**Directions:**
Copy each line of the records that holds the string "most".

[[ Data provided open ]]

Lemma facet_face_of u : dual_vertex u -> facet P (face_of u).
Proof.
move=> [du rk]; split; first exact: face_of_face.
split.
  apply: (affdim_ge_tight (S := tight u)) rk => i; rewrite inE => /eqP h.
  by split => //; exact: conv_vert.
apply: (not_affdim_ge_span (A := (1%:M : 'M[R]_N)) (u := u)); first by rewrite mxrank1.
by move=> z [_ zu]; split => //; exact: submx1.
Qed.

Lemma normal_face_of u eta : dual_vertex u -> normal P (face_of u) eta -> toR eta = u.
Proof.
move=> [du rk] [_ etaF]; apply: (@tight_rank_uniq (tight u)) => //.
apply/subsetP => i; rewrite !inE => /eqP h.
have [_] := (etaF (vert i)).1 (conj (conv_vert i) h).
by rewrite pairR_dotR => ->.
Qed.

(* A dual vertex is the unique solution of its tight system, so solving the
   tight systems of all index sets enumerates the dual vertices. *)
Definition tight_solution S : pt :=
  \row_i (if i \in S then -1 else 0) *m pinvmx (vert_mx S)^T.

Definition dual_vertices : seq pt :=
  [seq u <- [seq tight_solution X | X <- enum [set: {set 'I_sV}]] |
     [forall i, -1 <= dotR u (vert i)] && (\rank (vert_mx (tight u)) == N)].

Lemma tight_solution_vertex u : dual_vertex u -> tight_solution (tight u) = u.
Proof.
move=> [du rk].
have ub : u *m (vert_mx (tight u))^T = \row_i (if i \in tight u then -1 else 0).
  apply/rowP => i; rewrite !mxE; case: ifP => it.
    move: (it); rewrite inE => /eqP <-; rewrite /dotR; apply: eq_bigr => j _.
    by rewrite !mxE it.
  by apply: big1 => j _; rewrite !mxE it mulr0.
have sb : (\row_i (if i \in tight u then -1 else 0) <= (vert_mx (tight u))^T)%MS.
  by apply/submxP; exists u.
have := mulmxKpV sb; rewrite -/(tight_solution _) -{1}ub.
move=> /eqP; rewrite -subr_eq0 -mulmxBl mulmx_free_eq0; last first.
  by rewrite /row_free mxrank_tr rk.
by rewrite subr_eq0 => /eqP.
Qed.

Lemma dual_verticesP u : u \in dual_vertices <-> dual_vertex u.
Proof.
rewrite mem_filter; split=> [/andP [/andP [/forallP du /eqP rk] _] //|vu].
have [du rk] := vu; rewrite rk eqxx andbT; apply/andP; split; first exact/forallP.
by apply/mapP; exists (tight u); rewrite ?mem_enum ?inE ?tight_solution_vertex.
Qed.

Section Interior.
Hypothesis P0int : interior P 0.

Lemma conv0 : P 0.
Proof. by case: P0int => e [e0 H]; apply: H => j; rewrite subrr normr0. Qed.

Lemma exists_vert_neg d : d != 0 -> exists i, dotR d (vert i) < 0.
Proof.
move=> dn0; case: P0int => e [e0 H].
pose s := 1 + \sum_j `|d 0 j|.
have s0 : 0 < s by rewrite /s ltr_pwDl // sumr_ge0.
pose c := e / s.
have c0 : 0 < c by rewrite /c divr_gt0.
have Pcd : P (- (c *: d)).
  apply: H => j; rewrite !mxE subr0 normrN normrM (gtr0_norm c0).
  have dj : `|d 0 j| <= \sum_l `|d 0 l| by rewrite (bigD1 j) //= lerDl sumr_ge0.
  have -> : e = c * s by rewrite /c mulfVK ?gt_eqF.
  by rewrite ltr_pM2l // /s; lra.
have [w [w0 [w1 cdE]]] := Pcd.
apply: NNPP => nex.
have : 0 <= dotR d (- (c *: d)).
  rewrite cdE dotR_sumr; apply: sumr_ge0 => i _; apply: mulr_ge0 => //.
  by rewrite leNgt; apply/negP => lt; apply: nex; exists i.
by rewrite dotRNr dotRZr oppr_ge0 pmulr_rle0 // leNgt dotR_gt0.
Qed.

Lemma in_dual_separation z : ~ P z -> exists u, in_dual u /\ dotR u z < -1.
Proof.
move=> nPz.
pose a (i : 'I_sV) : 'rV[R]_(N + 1) := row_mx (vert i) (const_mx 1).
pose b : 'rV[R]_(N + 1) := row_mx z (const_mx 1).
have nc : ~ cone a b.
  move=> [w [w0 bE]]; apply: nPz; exists w; split => //; split.
    have := congr1 (fun M : 'rV[R]_(N + 1) => M 0 (rshift N (ord0 : 'I_1))) bE.
    rewrite /b row_mxEr mxE summxE => ->; apply: eq_bigr => i _.
    by rewrite mxE /a row_mxEr mxE mulr1.
  apply/rowP => j.
  have := congr1 (fun M : 'rV[R]_(N + 1) => M 0 (lshift 1 j)) bE.
  rewrite /b row_mxEl summxE => ->; rewrite summxE; apply: eq_bigr => i _.
  by rewrite mxE /a row_mxEl !mxE.
have [y [ya yb]] := farkas nc.
pose u := lsubmx y; pose c := rsubmx y 0 0.
have dE m : dotR y (row_mx m (const_mx 1)) = dotR u m + c.
  by rewrite -[y in LHS]hsubmxK dotR_row_mx [X in _ * X]mxE mulr1.
have ua i : 0 <= dotR u (vert i) + c by rewrite -dE; exact: ya.
have ub : dotR u z + c < 0 by rewrite -dE.
have [c0|c0] := ltrP 0 c.
  have ci : 0 < c^-1 by rewrite invr_gt0.
  exists (c^-1 *: u); split.
    move=> i; rewrite dotRZl.
    have := mulr_ge0 (ltW ci) (ua i); rewrite mulrDr mulVf ?gt_eqF //; lra.
  rewrite dotRZl.
  have : c^-1 * (dotR u z + c) < 0 by rewrite pmulr_rlt0.
  by rewrite mulrDr mulVf ?gt_eqF //; lra.
exfalso; have [u0|un0] := eqVneq u 0.
  have [w [_ [w1 _]]] := conv0.
  have i : 'I_sV.
    case: (size V) w w1 => [w|k w _]; last exact: ord0.
    by rewrite big_ord0 => /eqP; rewrite eq_sym oner_eq0.
  by have := ua i; move: ub; rewrite u0 !dotR0l; lra.
by have [i ui] := exists_vert_neg un0; have := ua i; lra.
Qed.

(* How far one can move from [u] along [d] inside the dual: the least ratio
   over the generators on which [d] is negative (0 if there is none). *)
Definition exit_ratio u d i := (dotR u (vert i) + 1) / - dotR d (vert i).

Definition exit_time u d :=
  if [pick i | (dotR d (vert i) < 0) &&
      [forall j, (dotR d (vert j) < 0) ==> (exit_ratio u d i <= exit_ratio u d j)]]
  is Some i then exit_ratio u d i else 0.

Lemma exit_timeP u d : in_dual u -> d != 0 ->
  (forall i, i \in tight u -> dotR d (vert i) = 0) ->
  [/\ 0 < exit_time u d, in_dual (u + exit_time u d *: d),
      tight u \subset tight (u + exit_time u d *: d)
    & exists2 w, w \in tight (u + exit_time u d *: d) & dotR d (vert w) < 0].
Proof.
move=> du dn0 orth.
have [i0 i0n] := exists_vert_neg dn0.
have [i Si imin] :=
  @arg_minP _ R _ i0 (fun i => dotR d (vert i) < 0) (exit_ratio u d) i0n.
rewrite /exit_time; case: pickP => [j /andP [jn /forallP jmin] | none]; last first.
  exfalso; have := none i; rewrite Si /=; move/negP; apply; apply/forallP => j.
  by apply/implyP => /imin.
have jtight : j \notin tight u.
  by apply/negP => /orth; move: jn => /[swap] ->; rewrite ltxx.
have rpos : 0 < exit_ratio u d j.
  rewrite /exit_ratio divr_gt0 ?oppr_gt0 //.
  by have := du j; move: jtight; rewrite inE => /eqP; lra.
split => //.
- move=> l; rewrite dotRDl dotRZl.
  have [ln|lp] := ltrP (dotR d (vert l)) 0.
    have dl : 0 < - dotR d (vert l) by rewrite oppr_gt0.
    have qE : exit_ratio u d l * - dotR d (vert l) = dotR u (vert l) + 1.
      by rewrite /exit_ratio mulfVK // gt_eqF.
    have : exit_ratio u d j * - dotR d (vert l) <= exit_ratio u d l * - dotR d (vert l).
      by rewrite ler_pM2r // (implyP (jmin l) ln).
    by rewrite qE; lra.
  by have := du l; have := mulr_ge0 (ltW rpos) lp; lra.
- apply/subsetP => l; rewrite !inE dotRDl dotRZl.
  by move=> /[dup] lt /eqP ->; rewrite orth ?inE // mulr0 addr0.
exists j => //; rewrite inE dotRDl dotRZl /exit_ratio.
have dj0 : dotR d (vert j) != 0 by rewrite lt_eqF.
by rewrite invrN mulrN mulNr -mulrA mulVf // mulr1 opprD addrA subrr add0r.
Qed.
(* Let $\pi\in S_n$ and ${\bf m}\in\mathrm{GL}_n(k)$. (1) If $\pi\in\mathcal P_{\bf q}$, then ${\bf r}_\pi\in M(\mathcal{O}_{\bf q}(k^{n}))$. (2) If ${\bf m}\in M(\mathcal{O}_{\bf q}(k^{n}))$, then $\mathrm{Skel}({\bf m})\subseteq\mathcal P_{\bf q}$.
   Context: Let $k$ be a field, $n\ge1$, and ${\bf q}=(q_{ij})\in\mathcal M_n(k)$ with $q_{ij}q_{ji}=1$, $q_{ii}=1$ for all $i,j$. $\mathcal{O}_{\bf q}(k^{n})=k\langle x_1,\dots,x_n\rangle/\langle x_jx_i-q_{ij}x_ix_j\rangle$, graded with $\deg x_i=1$. $M(\mathcal{O}_{\bf q}(k^{n}))$ is the set of $A=(a_{ij})\in \mathrm{GL}_n(k)$ such that $x_i\mapsto \sum_j a_{ji}x_j$ extends to a graded algebra automorphism of $\mathcal{O}_{\bf q}(k^{n})$ (a subgroup of $\mathrm{GL}_n(k)$). The set of compatible permutations is $\mathcal P_{\bf q}=\{\pi\in S_n: q_{\pi(i)\pi(j)}=q_{ij}\ \forall\,1\le i,j\le n\}$, a subgroup of $S_n$. For $\pi\in S_n$, ${\bf r}_\pi=(r_{ij})$ is the permutation matrix with $r_{ij}=1$ if $i=\pi(j)$ and $r_{ij}=0$ otherwise. For ${\bf m}=(m_{ij})\in\mathrm{GL}_n(k)$, $\mathrm{Skel}({\bf m})=\{\pi\in S_n: m_{\pi(i)i}\neq0\ \forall\,1\le i\le n\}$ (nonempty since $\det{\bf m}\ne0$). *)

From HB Require Import structures.
From mathcomp Require Import all_boot all_order all_algebra all_fingroup.
Set Implicit Arguments. Unset Strict Implicit. Unset Printing Implicit Defensive.
Import GRing.Theory.
Local Open Scope ring_scope.

(* Noncommutative polynomials k<x_1,...,x_n>: coefficient functions on words
   (seq 'I_n) with finite support (bounded length, alphabet finite). *)
Section QuantumAffineSpace.
Variables (k : fieldType) (n : nat) (q : 'M[k]_n).
Definition proper_col (adj : rel T) n (c : {ffun T -> 'I_n}) : bool :=
  [forall x, forall y, adj x y ==> (c x != c y)].

Definition classes_dominated (adj : rel T) n (c : {ffun T -> 'I_n}) : bool :=
  [forall i : 'I_n, [exists x, c x == i] ==>
     [exists v, forall x, (c x == i) ==> adj v x]].

Definition dom_coloring (adj : rel T) n (c : {ffun T -> 'I_n}) : bool :=
  proper_col adj c && classes_dominated adj c.

Definition ncolors n (c : {ffun T -> 'I_n}) : nat := #|[set c x | x : T]|.

(* Colours are taken in 'I_#|T| w.l.o.g. (a colouring never uses
   more than #|T| colours).  Meaningful when a dominated colouring exists,
   i.e. when the graph has no isolated vertex. *)
Definition chi_dom (adj : rel T) : nat :=
  \big[minn/#|T|]_(c : {ffun T -> 'I_#|T|} | dom_coloring adj c) ncolors c.

(* edge sets whose removal changes chi_dom (keeping chi_dom defined) *)
Definition dom_bondage_set (adj : rel T) (F : {set {set T}}) : Prop :=
  [/\ F \subset edges adj, no_isolated (remove_edges adj F)
    & chi_dom (remove_edges adj F) <> chi_dom adj].

Definition is_dom_bondage (adj : rel T) (b : nat) : Prop :=
  (exists F, dom_bondage_set adj F /\ #|F| = b) /\
  (forall F, dom_bondage_set adj F -> b <= #|F|).

End DomColoring.

Definition path_adj (n : nat) : rel 'I_n :=
  fun i j => (i.+1 == j :> nat) || (j.+1 == i :> nat).
Arguments path_adj n : clear implicits.

From mathcomp Require Import all_boot zify.
Set Implicit Arguments. Unset Strict Implicit. Unset Printing Implicit Defensive.

(* In a dominated colouring of a spanning subgraph H of P_n every colour class
   has a common neighbour, so it is a single vertex or a pair {v-1, v+1} whose
   middle vertex v keeps both its edges in H.  The upper vertices of such pairs
   are never at distance 2 (three vertices would share a colour), so among L
   consecutive vertices at most g(L) = 2 (L div 4) + min (L mod 4, 2) are upper
   vertices; hence chi_dom(H) >= n - g(n - s) when no pair has its upper vertex
   below s.  For s = 2 this is chi_dom(P_n) >= g(n), attained by the colouring
   0,1,0,1,2,3,2,3,...
   Colouring the two paths left by deleting one edge separately uses
   g(a) + g(n - a) colours, at most g(n) when n = 2 mod 4: then no single edge
   is a dom-bondage set.  Deleting {1,2} forbids pairs with upper vertex 2 or 3,
   so chi_dom >= n - g(n - 4) > g(n) unless n = 2 mod 4; deleting {3,4} as well
   gives n - g(n - 6) = g(n) + 2. *)

Lemma geq_bigminn_seq (I : eqType) (r : seq I) (P : pred I) (F : I -> nat) x0 i0 :
  i0 \in r -> P i0 -> \big[minn/x0]_(i <- r | P i) F i <= F i0.
Proof.
elim: r => // a r IH; rewrite inE big_cons => /orP [/eqP <- ->|r_i0 P_i0].
  exact: geq_minl.
case: (P a); last exact: IH.
exact: leq_trans (geq_minr _ _) (IH r_i0 P_i0).
Qed.

Section ChiDom.
Variable T : finType.

Lemma chi_dom_le_ncolors (adj : rel T) (c : {ffun T -> 'I_#|T|}) :
  dom_coloring adj c -> chi_dom adj <= ncolors c.
Proof. by move=> c_dom; apply: geq_bigminn_seq; rewrite ?mem_index_enum. Qed.

Lemma chi_dom_ge (adj : rel T) b : b <= #|T| ->
  (forall c : {ffun T -> 'I_#|T|}, dom_coloring adj c -> b <= ncolors c) ->
  b <= chi_dom adj.
Proof.
move=> b_le b_ncol; apply: (big_ind (fun x => b <= x)) => // x y b_x b_y.
by rewrite leq_min b_x.
Qed.

Lemma eq_chi_dom (adj1 adj2 : rel T) : adj1 =2 adj2 -> chi_dom adj1 = chi_dom adj2.
Proof.
move=> eq_adj; apply: eq_bigl => c; congr (_ && _).
  by apply: eq_forallb => x; apply: eq_forallb => y; rewrite eq_adj.
apply: eq_forallb => i; congr (_ ==> _); apply: eq_existsb => v.
by apply: eq_forallb => x; rewrite eq_adj.
Qed.

Lemma card_le_ncolors m (c : {ffun T -> 'I_m}) (A : {set T}) :
  {in A &, injective c} -> #|A| <= ncolors c.
Proof.
move=> c_inj; rewrite -(card_in_imset c_inj); apply: subset_leq_card.
by apply/subsetP => _ /imsetP [x _ ->]; apply: imset_f.
Qed.

Lemma ncolors_widen k m (le_km : k <= m) (f : T -> 'I_k) :
  ncolors [ffun x => widen_ord le_km (f x)] <= k.
Proof.
rewrite -[k in _ <= k]card_ord -cardsT.
apply: leq_trans (leq_imset_card (widen_ord le_km) _); apply: subset_leq_card.
by apply/subsetP => _ /imsetP [x _ ->]; rewrite ffunE imset_f ?inE.
Qed.

Lemma dom_bondage_set_gt0 (adj : rel T) F : dom_bondage_set adj F -> 0 < #|F|.
Proof.
case=> _ _ chi_ne; rewrite card_gt0; apply/negP => /eqP F0; apply: chi_ne.
by apply: eq_chi_dom => u v; rewrite /remove_edges F0 inE andbT.
Qed.

End ChiDom.

Lemma card_ord_count n (p : pred nat) : #|[set i : 'I_n | p i]| = count p (iota 0 n).
Proof.
rewrite -val_enum_ord count_map cardE /enum_mem size_filter /enum_mem count_filter.
by apply: eq_count => x; rewrite /= inE andbT.
Qed.
(* Let $p$ be a prime, let $N,K,T,M,h$ be positive integers with $T\ge 1$ and $K\mid M$, and let $\beta_1,\ldots,\beta_{K+T}\in\mathbb{F}_p$ be pairwise distinct and $\alpha_1,\ldots,\alpha_N\in\mathbb{F}_p$ be pairwise distinct with $\{\alpha_1,\ldots,\alpha_N\}\cap\{\beta_1,\ldots,\beta_{K+T}\}=\emptyset$. For $k\in[K+T]$ let $L_k(x)=\prod_{\ell\in[K+T]\setminus\{k\}}\frac{x-\beta_\ell}{\beta_k-\beta_\ell}$. For each client $n\in[N]$ let $D_n,d_n$ be positive integers and let $\overline{X}_n=(\overline{X}_n^i)_{i\in[D_n]}$ with $\overline{X}_n^i\in\mathbb{F}_p^{M\times d_n}$ and $\overline{W}_n=(\overline{W}_n^i)_{i\in[D_n]}$ with $\overline{W}_n^i\in\mathbb{F}_p^{d_n\times h}$ be random variables (private data and model of client $n$); for $k\in[K]$ let $\overline{X}_{n,k}^i$ be the $k$-th block of $M/K$ consecutive rows of $\overline{X}_n^i$. Let all mask matrices $Z_{n,k}^i\in\mathbb{F}_p^{(M/K)\times d_n}$ and $V_{n,k}^i\in\mathbb{F}_p^{d_n\times h}$ ($n\in[N]$, $i\in[D_n]$, $k=K+1,\ldots,K+T$) be uniformly distributed, mutually independent, and independent of all data and models. Define $$F_n^i(x)=\sum_{k=1}^K\overline{X}_{n,k}^iL_k(x)+\sum_{k=K+1}^{K+T}Z_{n,k}^iL_k(x),\qquad G_n^i(x)=\sum_{k=1}^K\overline{W}_{n}^iL_k(x)+\sum_{k=K+1}^{K+T}V_{n,k}^iL_k(x).$$ Fix a batch $\mathcal{B}\subseteq[M/K]$ of row indices, write $A^{(\mathcal{B})}$ for the rows of $A$ indexed by $\mathcal{B}$, and for each $n'\in[N]$ let $$\widetilde{H}_{n'}^{(\mathcal{B})}=\sum_{m=1}^N\sum_{i=1}^{D_m}F_m^{i}(\alpha_{n'})^{(\mathcal{B})}\,G_m^i(\alpha_{n'})$$ be the result uploaded by client $n'$ to the server. Then for every $n\in[N]$, $I\big(\widetilde{H}_n^{(\mathcal{B})};(\overline{X}_n,\overline{W}_n)\big)=0$, where $I$ denotes mutual information.
   Context: This is the privacy guarantee of the FedVS protocol for split vertical federated learning against a curious server: clients secret-share their quantized data and quantized polynomial-network models via Lagrange coded computing (partition parameter $K$, privacy parameter $T$) and each client uploads only its homomorphically computed coded embedding. $[N]=\{1,\ldots,N\}$. *)

From mathcomp Require Import all_boot all_algebra.
From mathcomp Require Import reals exp.
Set Implicit Arguments. Unset Strict Implicit. Unset Printing Implicit Defensive.
Import GRing.Theory Num.Theory.
Local Open Scope ring_scope.

(** Finite probability space: a probability mass function P on a finite
    sample space Omega.  Random variables are functions out of Omega. *)
Definition is_distr (R : realType) (Omega : finType) (P : Omega -> R) : Prop :=
  (forall w, 0 <= P w) /\ \sum_(w : Omega) P w = 1.

Definition Pr (R : realType) (Omega : finType) (P : Omega -> R) (E : pred Omega) : R :=
  \sum_(w : Omega | E w) P w.

(** Mutual information I(X;Y) = sum_{a,b} p(a,b) log (p(a,b) / (p(a) p(b)))
    with the convention 0 log 0 = 0 (natural logarithm). *)
Definition mutual_info (R : realType) (Omega : finType) (P : Omega -> R)
    (A B : finType) (X : Omega -> A) (Y : Omega -> B) : R :=
  \sum_(a : A) \sum_(b : B)
    (let pab := Pr P [pred w | (X w == a) && (Y w == b)] in
     let pa := Pr P [pred w | X w == a] in
     let pb := Pr P [pred w | Y w == b] in
     if pab == 0 then 0 else pab * ln (pab / (pa * pb))).

Definition lagrange_basis (F : fieldType) (n : nat) (beta : 'I_n -> F)
    (k : 'I_n) (x : F) : F :=
  \prod_(l < n | l != k) ((x - beta l) / (beta k - beta l)).

Lemma block_idx_lt (M K : nat) (k : 'I_K) (r : 'I_(M %/ K)) :
  (k * (M %/ K) + r < M)%N.
Proof.
have hr := ltn_ord r; have hk := ltn_ord k.
apply: (@leq_trans (k.+1 * (M %/ K))).
  by rewrite mulSn addnC ltn_add2r.
apply: (@leq_trans (K * (M %/ K))); first by rewrite leq_mul2r hk orbT.
by rewrite mulnC leq_trunc_div.
Qed.

(** k-th block (0-based) of M/K consecutive rows of an M x d matrix. *)
Definition row_block (F : fieldType) (M K d : nat) (A : 'M[F]_(M, d)) (k : 'I_K)
  : 'M[F]_(M %/ K, d) :=
  rowsub (fun r : 'I_(M %/ K) => Ordinal (block_idx_lt k r)) A.

(** A^(B): the rows of A indexed by the batch B (in increasing order). *)
Definition batch_rows (F : fieldType) (m d : nat) (B : {set 'I_m}) (A : 'M[F]_(m, d))
  : 'M[F]_(#|B|, d) :=
  rowsub (fun r : 'I_#|B| => enum_val r) A.

Definition coded_data (F : fieldType) (K T M d : nat) (beta : 'I_(K + T) -> F)
    (Xb : 'M[F]_(M, d)) (Zs : 'I_T -> 'M[F]_(M %/ K, d)) (x : F) : 'M[F]_(M %/ K, d) :=
  \sum_(k < K) lagrange_basis beta (lshift T k) x *: row_block Xb k
  + \sum_(t < T) lagrange_basis beta (rshift K t) x *: Zs t.

Definition coded_model (F : fieldType) (K T d h : nat) (beta : 'I_(K + T) -> F)
    (Wb : 'M[F]_(d, h)) (Vs : 'I_T -> 'M[F]_(d, h)) (x : F) : 'M[F]_(d, h) :=
  \sum_(k < K) lagrange_basis beta (lshift T k) x *: Wb
  + \sum_(t < T) lagrange_basis beta (rshift K t) x *: Vs t.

[[ Data provided closed ]]

**Answer to this task:**
   consecutive vertices at most g(L) = 2 (L div 4) + min (L mod 4, 2) are upper
   g(a) + g(n - a) colours, at most g(n) when n = 2 mod 4: then no single edge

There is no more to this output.